Dedicated server versus shared server processes

This test shows the impact on transaction throughput when changing between Oracle dedicated server processes and Oracle shared server processes.

With dedicated server processes, the CPU load increased to the full system utilization. Therefore, another test was done with an additional CPU for each Oracle RAC node. The Oracle RAC dedicated server and shared server processes are described in the section.

Figure 1 shows the transaction throughput when switching from shared to dedicated Oracle server processes.
Figure 1. CPU load for switching the usage of the Oracle server processes from shared to dedicated
Bar graph of the normalized transaction throughput when switching from shared to dedicated Oracle server processes. The x-axis has three bars: (1) Shared processes with 2 CPUs, (2) Dedicated processes with 2 CPUs, (3) Dedicated processes with 3 CPUs. The y-axis is the Normalized transaction throughput, ranging from 0% to 350%. For the three bars, the values are: 100%, 225%, and 310% respectively.

Observation

By changing the Oracle RAC server processes to dedicated from shared, transaction throughput increased by 125%. Adding a third processor to each CPU increased transaction throughput another 86% compared to the measurement of the shared server processes with 2 CPUs.

Conclusion

This test scenario demonstrates that higher throughput can be obtained with dedicated server processes configured for the Oracle RAC servers compared with shared server processes. With this change, the CPU load increased to the full system utilization. Adding CPU capacity in both Oracle RAC servers improves the throughput with dedicated server processes further.

This effect is contributed to our workload with a moderate number of clients (up to 80), where each client is 100% active, generating a continuous workload, which easily keeps one Oracle server process busy. If several of these workload generating clients are sharing a server process, this server process becomes a bottleneck.

For this type of workload pattern, the use of dedicated server processes is recommended. This workload pattern is typically produced by a batch job, an application server, or a connection concentrator.

The opposite scenario occurs with connections that have a low utilization, such as from any manual interactions, and with a very high number (1000 or more) of users. Here, the use of dedicated server processes results in thousands of under-utilized server processes, with the corresponding memory requirements.

Therefore, it is important to see how memory usage scales, when the number of users with dedicated server processes increases. Figure 2 shows the sum of the amount of memory used from both nodes, as reported from the kbmemused value from the sadc and sar data.
Note: If the SERVER parameter is not set, then shared server configuration is assumed.
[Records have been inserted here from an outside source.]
(* Let $k\geqslant 2$ and $m_1,\ldots,m_k\geqslant 4$. Write $S^{m_i}=\{(\mathbf{x}_i,q_i):\mathbf{x}_i\in\mathbb{R}^{m_i-3},\ q_i\in\mathbb{H},\ |\mathbf{x}_i|^2+|q_i|^2=1\}$. Let the quaternionic torus $\mathrm{Sp}(1)^{k-1}$ act on $S^{m_1}\times\cdots\times S^{m_k}$ by \[ (r_1,\ldots,r_{k-1})\cdot((\mathbf{x}_1,q_1),\ldots,(\mathbf{x}_k,q_k))=((\mathbf{x}_1,q_1r_1^{-1}),(\mathbf{x}_2,r_1q_2r_2^{-1}),\ldots,(\mathbf{x}_{k-1},r_{k-2}q_{k-1}r_{k-1}^{-1}),(\mathbf{x}_k,r_{k-1}q_k)). \] Then the orbit space $(S^{m_1}\times\cdots\times S^{m_k})/\mathrm{Sp}(1)^{k-1}$ is homeomorphic to the sphere $S^m$, $m=m_1+\cdots+m_k-3(k-1)$, and the canonical projection onto the orbit space is given by \[ ((\mathbf{x}_1,q_1),\ldots,(\mathbf{x}_k,q_k))\mapsto\frac{(\mathbf{x}_1,\ldots,\mathbf{x}_k,q_1q_2\cdots q_k)}{\sqrt{|\mathbf{x}_1|^2+\cdots+|\mathbf{x}_k|^2+|q_1q_2\cdots q_k|^2}}\in S^m\subset\mathbb{R}^{m_1-3}\times\cdots\times\mathbb{R}^{m_k-3}\times\mathbb{H}. \]
   Context: $\mathbb{H}$ is the algebra of quaternions with its Euclidean norm; $\mathrm{Sp}(1)$ is the group of unit quaternions. *)

From mathcomp Require Import all_boot all_order all_algebra.
From mathcomp Require Import reals.
Set Implicit Arguments. Unset Strict Implicit. Unset Printing Implicit Defensive.
Import Order.TTheory GRing.Theory Num.Theory.
Local Open Scope ring_scope.

Section Quat.
Variable R : realType.

Record quat := Quat { qre : R; qi : R; qj : R; qk : R }.

Definition qone : quat := Quat 1 0 0 0.

Definition qmul (p q : quat) : quat :=
  Quat (qre p * qre q - qi p * qi q - qj p * qj q - qk p * qk q)
       (qre p * qi q + qi p * qre q + qj p * qk q - qk p * qj q)
       (qre p * qj q - qi p * qk q + qj p * qre q + qk p * qi q)
       (qre p * qk q + qi p * qj q - qj p * qi q + qk p * qre q).

Definition qconj (q : quat) : quat := Quat (qre q) (- qi q) (- qj q) (- qk q).

Definition qscale (c : R) (q : quat) : quat :=
  Quat (c * qre q) (c * qi q) (c * qj q) (c * qk q).

Definition qsub (p q : quat) : quat :=
  Quat (qre p - qre q) (qi p - qi q) (qj p - qj q) (qk p - qk q).

Definition qnorm2 (q : quat) : R :=
  qre q ^+ 2 + qi q ^+ 2 + qj q ^+ 2 + qk q ^+ 2.

Definition qinv (q : quat) : quat := qscale (qnorm2 q)^-1 (qconj q).

Definition vnorm2 n (v : 'rV[R]_n) : R := \sum_(j < n) v 0 j ^+ 2.

Variables (k : nat) (m : 'I_k -> nat).

Definition dpt := forall i : 'I_k, 'rV[R]_(m i - 3) * quat.

Definition in_dom (a : dpt) : Prop :=
  forall i, vnorm2 (a i).1 + qnorm2 (a i).2 = 1.

Definition tpt := ((forall i : 'I_k, 'rV[R]_(m i - 3)) * quat)%type.

Definition in_tgt (y : tpt) : Prop :=
  \sum_(i < k) vnorm2 (y.1 i) + qnorm2 y.2 = 1.

(* element (r_1,...,r_{k-1}) of Sp(1)^{k-1}, indexed 0..k-2; out of range = 1 *)
Definition rget (r : 'I_k.-1 -> quat) (j : nat) : quat :=
  match @insub nat (fun j => j < k.-1)%N _ j with Some o => r o | None => qone end.

Definition unit_tuple (r : 'I_k.-1 -> quat) : Prop := forall j, qnorm2 (r j) = 1.

(* i-th component (0-indexed): q_i |-> r_{i-1} q_i r_i^{-1}, with r_{-1} = r_{k-1} = 1 *)
Definition act (r : 'I_k.-1 -> quat) (a : dpt) : dpt :=
  fun i => ((a i).1,
            qmul (qmul (if (i : nat) == 0%N then qone else rget r (i.-1)) (a i).2)
                 (qinv (rget r i))).

Definition same_orbit (a b : dpt) : Prop :=
  exists r, unit_tuple r /\ forall i, b i = act r a i.

Definition qprod (a : dpt) : quat := \big[qmul/qone]_(i < k) (a i).2.

Definition proj (a : dpt) : tpt :=
  let s := Num.sqrt (\sum_(i < k) vnorm2 (a i).1 + qnorm2 (qprod a)) in
  (fun i => s^-1 *: (a i).1, qscale s^-1 (qprod a)).

Definition ddist2 (a b : dpt) : R :=
  \sum_(i < k) (vnorm2 ((a i).1 - (b i).1) + qnorm2 (qsub (a i).2 (b i).2)).

Definition tdist2 (y z : tpt) : R :=
  \sum_(i < k) vnorm2 (y.1 i - z.1 i) + qnorm2 (qsub y.2 z.2).

End Quat.

Definition openin (R : realType) (T : Type) (S : T -> Prop) (d2 : T -> T -> R)
  (U : T -> Prop) : Prop :=
  forall x, S x -> U x -> exists e : R, 0 < e /\ forall y, S y -> d2 x y < e -> U y.

(* [proj] factors as the raw map [a |-> (x_1, ..., x_k, q_1 ... q_k)] followed by radial
   projection. On the product of spheres the raw image has norm at least 1 by Weierstrass'
   product inequality [prod_i (1 - |x_i|^2) >= 1 - sum_i |x_i|^2], and both steps are
   Lipschitz, so [proj] is continuous. If [proj a = proj b], the raw images differ by a
   factor [c > 0] with [prod_i (1 - c^2 |x_i|^2) = c^2 prod_i (1 - |x_i|^2)], which forces
   [c = 1]; quaternion sequences with equal norms and equal products are then intertwined by
   unit quaternions [s_i], i.e. they lie in one [Sp(1)^(k-1)]-orbit. Surjectivity: scale the
   [x]-part of a point of [S^m] by [sqrt u], where [u] solves [prod_i (1 - u |x_i|^2) = u |q|^2]
   by the intermediate value theorem, and distribute [q] among the [q_i]. Finally a continuous
   surjection from a sequentially compact space (Bolzano-Weierstrass) is a quotient map. *)

From HB Require Import structures.
From mathcomp Require Import all_boot all_order all_algebra.
From mathcomp Require Import reals.
From mathcomp Require Import zify ring lra.
From mathcomp Require Import boolp classical_sets topology normedtype sequences.
Import Order.TTheory GRing.Theory Num.Theory numFieldNormedType.Exports.
Local Open Scope ring_scope.
Set Implicit Arguments. Unset Strict Implicit. Unset Printing Implicit Defensive.

Section Quaternions.
Variable R : realType.
Local Notation quat := (quat R).
Local Notation qone := (qone R).
Implicit Types (p q : quat) (c : R).

Definition qreal c : quat := Quat c 0 0 0.

Lemma quat_ext p q :
  qre p = qre q -> qi p = qi q -> qj p = qj q -> qk p = qk q -> p = q.
Proof. by case: p => a b c d; case: q => a' b' c' d' /= -> -> -> ->. Qed.

Lemma qmulA : associative (@qmul R).
Proof. by move=> p q r; apply: quat_ext => /=; ring. Qed.

Lemma qmul1q : left_id qone (@qmul R).
Proof. by move=> p; apply: quat_ext => /=; ring. Qed.

Lemma qmulq1 : right_id qone (@qmul R).
Proof. by move=> p; apply: quat_ext => /=; ring. Qed.

Lemma qmul0q q : qmul (qreal 0) q = qreal 0.
Proof. by apply: quat_ext => /=; ring. Qed.

Lemma qmulq0 q : qmul q (qreal 0) = qreal 0.
Proof. by apply: quat_ext => /=; ring. Qed.

Lemma qmul_qrealr c p : qmul p (qreal c) = qscale c p.
Proof. by apply: quat_ext => /=; ring. Qed.

Lemma qscaleA c c' q : qscale c (qscale c' q) = qscale (c * c') q.
Proof. by apply: quat_ext => /=; ring. Qed.

Lemma qscale1 q : qscale 1 q = q.
Proof. by apply: quat_ext => /=; ring. Qed.

Lemma qnorm2M p q : qnorm2 (qmul p q) = qnorm2 p * qnorm2 q.
Proof. by rewrite /qnorm2 /=; ring. Qed.

Lemma qnorm2Z c q : qnorm2 (qscale c q) = c ^+ 2 * qnorm2 q.
Proof. by rewrite /qnorm2 /=; ring. Qed.

Lemma qnorm2_qreal c : qnorm2 (qreal c) = c ^+ 2.
Proof. by rewrite /qnorm2 /=; ring. Qed.

Lemma qnorm2_one : qnorm2 qone = 1.
Proof. by rewrite /qnorm2 /=; ring. Qed.

Lemma qnorm2_ge0 q : 0 <= qnorm2 q.
Proof. by rewrite /qnorm2 !addr_ge0 // sqr_ge0. Qed.

Lemma qnorm2_eq0 q : qnorm2 q = 0 -> q = qreal 0.
Proof.
case: q => a b c d; rewrite /qnorm2 /= => q0.
have /eqP : a ^+ 2 = 0 by nra.
have /eqP : b ^+ 2 = 0 by nra.
have /eqP : c ^+ 2 = 0 by nra.
have /eqP : d ^+ 2 = 0 by nra.
by rewrite !expf_eq0 /= => /eqP-> /eqP-> /eqP-> /eqP->.
Qed.

Lemma qnorm2_inv q : qnorm2 (qinv q) = (qnorm2 q)^-1.
Proof.
rewrite /qinv qnorm2Z.
have -> : qnorm2 (qconj q) = qnorm2 q by rewrite /qnorm2 /=; ring.
have [->|q0] := eqVneq (qnorm2 q) 0; first by rewrite invr0 mulr0.
by rewrite expr2 -mulrA mulVf // mulr1.
Qed.

Lemma qmulqV q : qnorm2 q != 0 -> qmul q (qinv q) = qone.
Proof.
move=> q0; rewrite /qinv.
have : (qnorm2 q)^-1 * qnorm2 q = 1 by rewrite mulVf.
by rewrite /qnorm2 => e; apply: quat_ext => /=; nra.
Qed.

Lemma qmulVq q : qnorm2 q != 0 -> qmul (qinv q) q = qone.
Proof.
move=> q0; rewrite /qinv.
have : (qnorm2 q)^-1 * qnorm2 q = 1 by rewrite mulVf.
by rewrite /qnorm2 => e; apply: quat_ext => /=; nra.
Qed.

Lemma qinv_one : qinv qone = qone.
Proof. by rewrite /qinv qnorm2_one invr1; apply: quat_ext => /=; ring. Qed.

Lemma qnorm2_prod n (F : 'I_n -> quat) :
  qnorm2 (\big[@qmul R/qone]_(i < n) F i) = \prod_(i < n) qnorm2 (F i).
Proof. exact: (big_morph _ qnorm2M qnorm2_one). Qed.

Lemma qreal_prod n (F : 'I_n -> R) :
  qreal (\prod_(i < n) F i) = \big[@qmul R/qone]_(i < n) qreal (F i).
Proof.
by apply: (big_morph qreal) => // c c'; apply: quat_ext => /=; ring.
Qed.

Lemma qnorm2_eq_factor (X Y : quat) :
  qnorm2 X = qnorm2 Y -> exists2 w, qnorm2 w = 1 & X = qmul w Y.
Proof.
move=> XY; have [Y0|Y0] := eqVneq (qnorm2 Y) 0.
  exists qone; first exact: qnorm2_one.
  by rewrite qmul1q (qnorm2_eq0 Y0) (qnorm2_eq0 (etrans XY Y0)).
exists (qmul X (qinv Y)); last by rewrite -qmulA qmulVq // qmulq1.
by rewrite qnorm2M qnorm2_inv XY mulfV.
Qed.

Lemma qnorm2_subMM p p' q q' :
  qnorm2 (qsub (qmul p p') (qmul q q')) <=
  2 * qnorm2 p * qnorm2 (qsub p' q') + 2 * qnorm2 (qsub p q) * qnorm2 q'.
Proof.
set x := qmul p (qsub p' q'); set y := qmul (qsub p q) q'.
have -> : qsub (qmul p p') (qmul q q') =
    Quat (qre x + qre y) (qi x + qi y) (qj x + qj y) (qk x + qk y).
  by apply: quat_ext => /=; ring.
rewrite -!mulrA -!qnorm2M -/x -/y; clearbody x y; rewrite /qnorm2 /=.
have sqrD_le (a b : R) : (a + b) ^+ 2 <= 2 * a ^+ 2 + 2 * b ^+ 2.
  by have := sqr_ge0 (a - b); nra.
have := sqrD_le (qre x) (qre y); have := sqrD_le (qi x) (qi y).
have := sqrD_le (qj x) (qj y); have := sqrD_le (qk x) (qk y).
lra.
Qed.

End Quaternions.

HB.instance Definition _ (R : realType) :=
  Monoid.isLaw.Build (quat R) (qone R) (@qmul R) (@qmulA R) (@qmul1q R) (@qmulq1 R).

Section Vectors.
Variable R : realType.
Implicit Types (p q : quat R) (a b : R).

Definition vdot n (u v : 'rV[R]_n) : R := \sum_(j < n) u 0 j * v 0 j.

Definition qdot p q : R :=
  qre p * qre q + qi p * qi q + qj p * qj q + qk p * qk q.

Lemma vnorm2_ge0 n (v : 'rV[R]_n) : 0 <= vnorm2 v.
Proof. by apply: sumr_ge0 => j _; rewrite sqr_ge0. Qed.

Lemma vnorm2Z n a (v : 'rV[R]_n) : vnorm2 (a *: v) = a ^+ 2 * vnorm2 v.
Proof. by rewrite /vnorm2 mulr_sumr; apply: eq_bigr => j _; rewrite mxE; ring. Qed.

Lemma vnorm2_eq0 n (v : 'rV[R]_n) : vnorm2 v = 0 -> v = 0.
Proof.
move=> v0; apply/rowP => j; rewrite mxE.
have /eqP : v 0 j ^+ 2 = 0.
  apply/eqP; rewrite eq_le sqr_ge0 andbT -v0 /vnorm2.
  by rewrite (bigD1 j) //= lerDl; apply: sumr_ge0 => i _; exact: sqr_ge0.
by rewrite expf_eq0 /= => /eqP.
Qed.

Lemma vnorm2_subZ n a b (u v : 'rV[R]_n) :
  vnorm2 (a *: u - b *: v) =
  a ^+ 2 * vnorm2 u + b ^+ 2 * vnorm2 v - 2 * a * b * vdot u v.
Proof.
rewrite /vnorm2 /vdot !mulr_sumr -big_split -sumrB /=.
by apply: eq_bigr => j _; rewrite !mxE; ring.
Qed.

Lemma qnorm2_subZ a b p q :
  qnorm2 (qsub (qscale a p) (qscale b q)) =
  a ^+ 2 * qnorm2 p + b ^+ 2 * qnorm2 q - 2 * a * b * qdot p q.
Proof. by rewrite /qnorm2 /qdot /=; ring. Qed.

Lemma one_sub_sum_le_prod (I : Type) (r : seq I) (t : I -> R) :
  (forall i, 0 <= t i <= 1) -> 1 - \sum_(i <- r) t i <= \prod_(i <- r) (1 - t i).
Proof.
move=> t01; elim: r => [|x r IH]; first by rewrite !big_nil subr0.
rewrite !big_cons.
have S0 : 0 <= \sum_(i <- r) t i by apply: sumr_ge0 => i _; have /andP[] := t01 i.
have /andP[tx0 tx1] := t01 x.
have : (1 - t x) * (1 - \sum_(i <- r) t i) <= (1 - t x) * \prod_(i <- r) (1 - t i).
  by apply: ler_wpM2l; lra.
nra.
Qed.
However, the client uses a dedicated server if no dispatchers are available.
Figure 2. Memory usage when scaling workload generating users (100% active) with dedicated Oracle server processes
Bar graph of the amount of memory used from both nodes, as reported from the kbmemused value from the sadc and sar data. The x-axis has four bars, representing the number of users: 20, 40, 60, and 80. The y-axis is the total memory used in MB, ranging from 0 to 18000 MB. For the four bars, the values are: 14200 MB, 15800 MB, 16100 MB, and 16100 MB respectively.

Observation

With the first increment going to 40 users from 20, the memory usage increased from approximately 14 GB to 15.6 GB (approximately 11%). The next increment of 20 users caused a slight increase of overall memory usage, and with the next increment the used memory size stays constant. Each Oracle RAC node has 16 GB memory, which makes a total of 32 GB from which about 16 GB are in use, indicating that plenty of free memory is available in both systems.

Conclusion

This chart shows that after overall memory usage increases to accommodate 40 users, the total usage levels off. One parameter that limits the increase of the memory utilization is the fixed size of the SGA, which seems to be fully utilized with 60 users. Another factor that might explain a decreasing memory requirement is increasing contention for locks. The amount of memory needed for additional server processes is not necessarily limited by these parameters because it is in the first place Linux® operating system memory, not managed by Oracle.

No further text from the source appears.